May NYMEX natural gas futures have now been on a 5-week downtrend on mild weather and a larger-than-expected storage injections despite healthy LNG export volumes. The week’s High was Monday’s $2.72/MMBtu while the Low was Tuesday’s $2.56. a very tight range which indicates market direction uncertainty.  Natural gas demand this week has been estimated at about 95 Bcfd while production was thought to be 106 Bcfd. LNG exports are up +14% from year ago levels to 19 Bcfd. In the UK, natural gas prices at the NBP were most recently down to $13.35/MMBtu. Dutch TTF futures were also lower at $13.45/MMBtu.  Asia’s “JKM” was quoted at $19.20/MMBtu, only slightly down from the prior week. The EIA’s Weekly Natural Gas Storage Report  indicated an injection of +59 Bcf vs. a forecast of +55 and a 5-year average of +24 Bcf.  Total gas in storage is now 1.970 Tcf, now at +6.8% above last year and 5.8% above the 5-year average.
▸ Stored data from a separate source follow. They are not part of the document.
(* Let $a_m=\binom{2m-1}{m}$ for $m\ge1$. For $n\ge1$ let $A_n$ be the $(n+1)\times(n+1)$ matrix whose first row is $(1,4,4^2,\dots,4^n)$ and whose row $i+1$ (for $i=1,\dots,n$) is $(a_i,a_{i+1},\dots,a_{i+n})$, and let $A'_n$ be the $(n+1)\times(n+1)$ matrix whose first row is $(1,4,\dots,4^n)$ and whose row $i+1$ (for $i=1,\dots,n$) is $(a_{i+1},a_{i+2},\dots,a_{i+1+n})$. Then for all $n\ge1$: $\det A_n=(-1)^n$ and $\det A'_n=(-1)^n(n+1)$. *)

From mathcomp Require Import all_boot all_order all_algebra.
Set Implicit Arguments. Unset Strict Implicit. Unset Printing Implicit Defensive.
Import GRing.Theory Num.Theory.
Local Open Scope ring_scope.

Definition a_seq (m : nat) : nat := 'C((2 * m).-1, m).

Definition A_mx (n : nat) : 'M[int]_(n.+1) :=
  \matrix_(i < n.+1, j < n.+1)
    (if i == 0 :> nat then (4 ^ j)%N%:Z else (a_seq (i + j))%:Z).

Definition A'_mx (n : nat) : 'M[int]_(n.+1) :=
  \matrix_(i < n.+1, j < n.+1)
    (if i == 0 :> nat then (4 ^ j)%N%:Z else (a_seq (i.+1 + j))%:Z).

From mathcomp Require Import all_boot all_order all_algebra.
From mathcomp Require Import zify ring.
Set Implicit Arguments. Unset Strict Implicit. Unset Printing Implicit Defensive.
Import GRing.Theory Num.Theory.
Local Open Scope ring_scope.

(* The column operations C_j <- C_j - 4 C_(j-1) turn the first row of A_n
   into (1, 0, ..., 0); since a_(m+1) = 4 a_m - Cat_m, the remaining block
   becomes minus the Hankel matrix (Cat_(i+j-1)) of Catalan numbers, resp.
   (Cat_(i+j)) for A'_n.  Counting Dyck paths by their height at an
   intermediate time factors the first Hankel matrix as B B^T, with B the
   unitriangular matrix of ballot numbers, and the second one as (B M) B^T,
   with M tridiagonal (2 on the diagonal, 1 next to it), of determinant
   n + 1. *)

(* Number of +-1 paths of length L from height k to height 0 that never go
   below 0. *)
Fixpoint ballot (L k : nat) : int :=
  match L with
  | 0%N => (k == 0%N)%:R
  | L'.+1 => (if k is k'.+1 then ballot L' k' else 0) + ballot L' k.+1
  end.

Lemma ballotS L k :
  ballot L.+1 k = (if k is k'.+1 then ballot L k' else 0) + ballot L k.+1.
Proof. by []. Qed.

Lemma ballotSS L k : ballot L.+2 k.+1 =
  (if k is k'.+1 then ballot L k' else 0) + 2 * ballot L k.+1 + ballot L k.+3.
Proof. by rewrite !ballotS; case: k => [|k] /=; ring. Qed.

Lemma ballot_small L k : (L < k)%N -> ballot L k = 0.
Proof.
elim: L k => [|L IH] [|k] //= ltLk.
by rewrite !IH ?addr0 //; lia.
Qed.

Lemma ballot_odd L k : odd (L + k) -> ballot L k = 0.
Proof.
elim: L k => [|L IH] [|k] //= oddLk.
- by rewrite add0r IH // addn1 /=; rewrite addn0 in oddLk.
- move: oddLk; rewrite !addnS /= negbK => oddLk.
  by rewrite !IH ?addr0 // !addnS /= negbK.
Qed.

Lemma ballot_binE L d k : L = (k + 2 * d)%N ->
  ballot L k = 'C(L, k + d)%:Z - 'C(L, (k + d).+1)%:Z.
Proof.
elim: L d k => [|L IH] d k defL.
  have [-> ->] : k = 0%N /\ d = 0%N by lia.
  by rewrite /= !bin0 bin1 subr0.
case: k defL => [|k] defL.
  case: d defL => [|d] defL; first lia.
  rewrite ballotS (IH d 1%N); last lia.
  rewrite add0n !binS.
  have -> : 'C(L, d) = 'C(L, d.+1).
    have -> : d.+1 = (L - d)%N by lia.
    by rewrite bin_sub //; lia.
  rewrite add1n !PoszD; lia.
case: d defL => [|d] defL.
  rewrite ballotS (IH 0%N k); last lia.
  rewrite (@ballot_small _ k.+2); last lia.
  have -> : L = k by lia.
  by rewrite !addn0 !binS (@bin_small k k.+1) ?(@bin_small k k.+2) // binn; lia.
rewrite ballotS (IH d.+1 k); last lia.
rewrite (IH d k.+2); last lia.
have -> : (k.+2 + d = (k + d.+1).+1)%N by lia.
have -> : (k.+1 + d.+1 = (k + d.+1).+1)%N by lia.
by rewrite !binS !PoszD; lia.
Qed.

Lemma ballotnn L : ballot L L = 1.
Proof. by rewrite (@ballot_binE _ 0) ?addn0 // binn bin_small. Qed.

Lemma ballot_shift p q N : (p < N)%N ->
  \sum_(0 <= k < N.+1) ballot p.+1 k * ballot q k =
  \sum_(0 <= k < N.+1) ballot p k * ballot q.+1 k.
Proof.
move=> ltpN; rewrite big_nat_recl // [RHS]big_nat_recl //.
have splitL : \sum_(0 <= i < N) ballot p.+1 i.+1 * ballot q i.+1 =
    \sum_(0 <= i < N) ballot p i * ballot q i.+1
  + \sum_(0 <= i < N) ballot p i.+2 * ballot q i.+1.
  by rewrite -big_split; apply: eq_bigr => i _; rewrite ballotS mulrDl.
have splitR : \sum_(0 <= i < N) ballot p i.+1 * ballot q.+1 i.+1 =
    \sum_(0 <= i < N) ballot p i.+1 * ballot q i
  + \sum_(0 <= i < N) ballot p i.+1 * ballot q i.+2.
  by rewrite -big_split; apply: eq_bigr => i _; rewrite ballotS mulrDr.
have reindexL : ballot p 1 * ballot q 0
    + \sum_(0 <= i < N) ballot p i.+2 * ballot q i.+1 =
    \sum_(0 <= i < N) ballot p i.+1 * ballot q i.
  rewrite -(big_nat_recl _ _ (fun i => ballot p i.+1 * ballot q i)) //.
  by rewrite big_nat_recr //= (@ballot_small p N.+1 (ltnW ltpN)) mul0r addr0.
have reindexR : ballot p 0 * ballot q 1
    + \sum_(0 <= i < N) ballot p i.+1 * ballot q i.+2 =
    \sum_(0 <= i < N) ballot p i * ballot q i.+1.
  rewrite -(big_nat_recl _ _ (fun i => ballot p i * ballot q i.+1)) //.
  by rewrite big_nat_recr //= (ballot_small ltpN) mul0r addr0.
rewrite splitL splitR /= !add0r -reindexL -reindexR; ring.
Qed.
May 2026 NYMEX Henry Hub Futures

Natural Gas – Technical Analysis

May 2026 NYMEX Henry Hub Natural Gas futures have remain below the 13- & 20-day Moving Averages but just above the 8-day MA. Volume is below the recent average at 95k. The RSI is now “neutral” at “35”. Support is $2.65 (Thursday’s Close) with key Resistance at $2.72 (13-day MA).

Looking Ahead

Global LNG prices are on the decline largely due to mild temperatures. With the Strait of Hormuz open now, markets will be monitoring Qatar’s ability to restart their LNG exports. US storage levels are running above-normal and should remain that way given that April is typically a “shoulder” month. The 8-14-day forecast looks bearish for natural gas demand both space heating and power generation.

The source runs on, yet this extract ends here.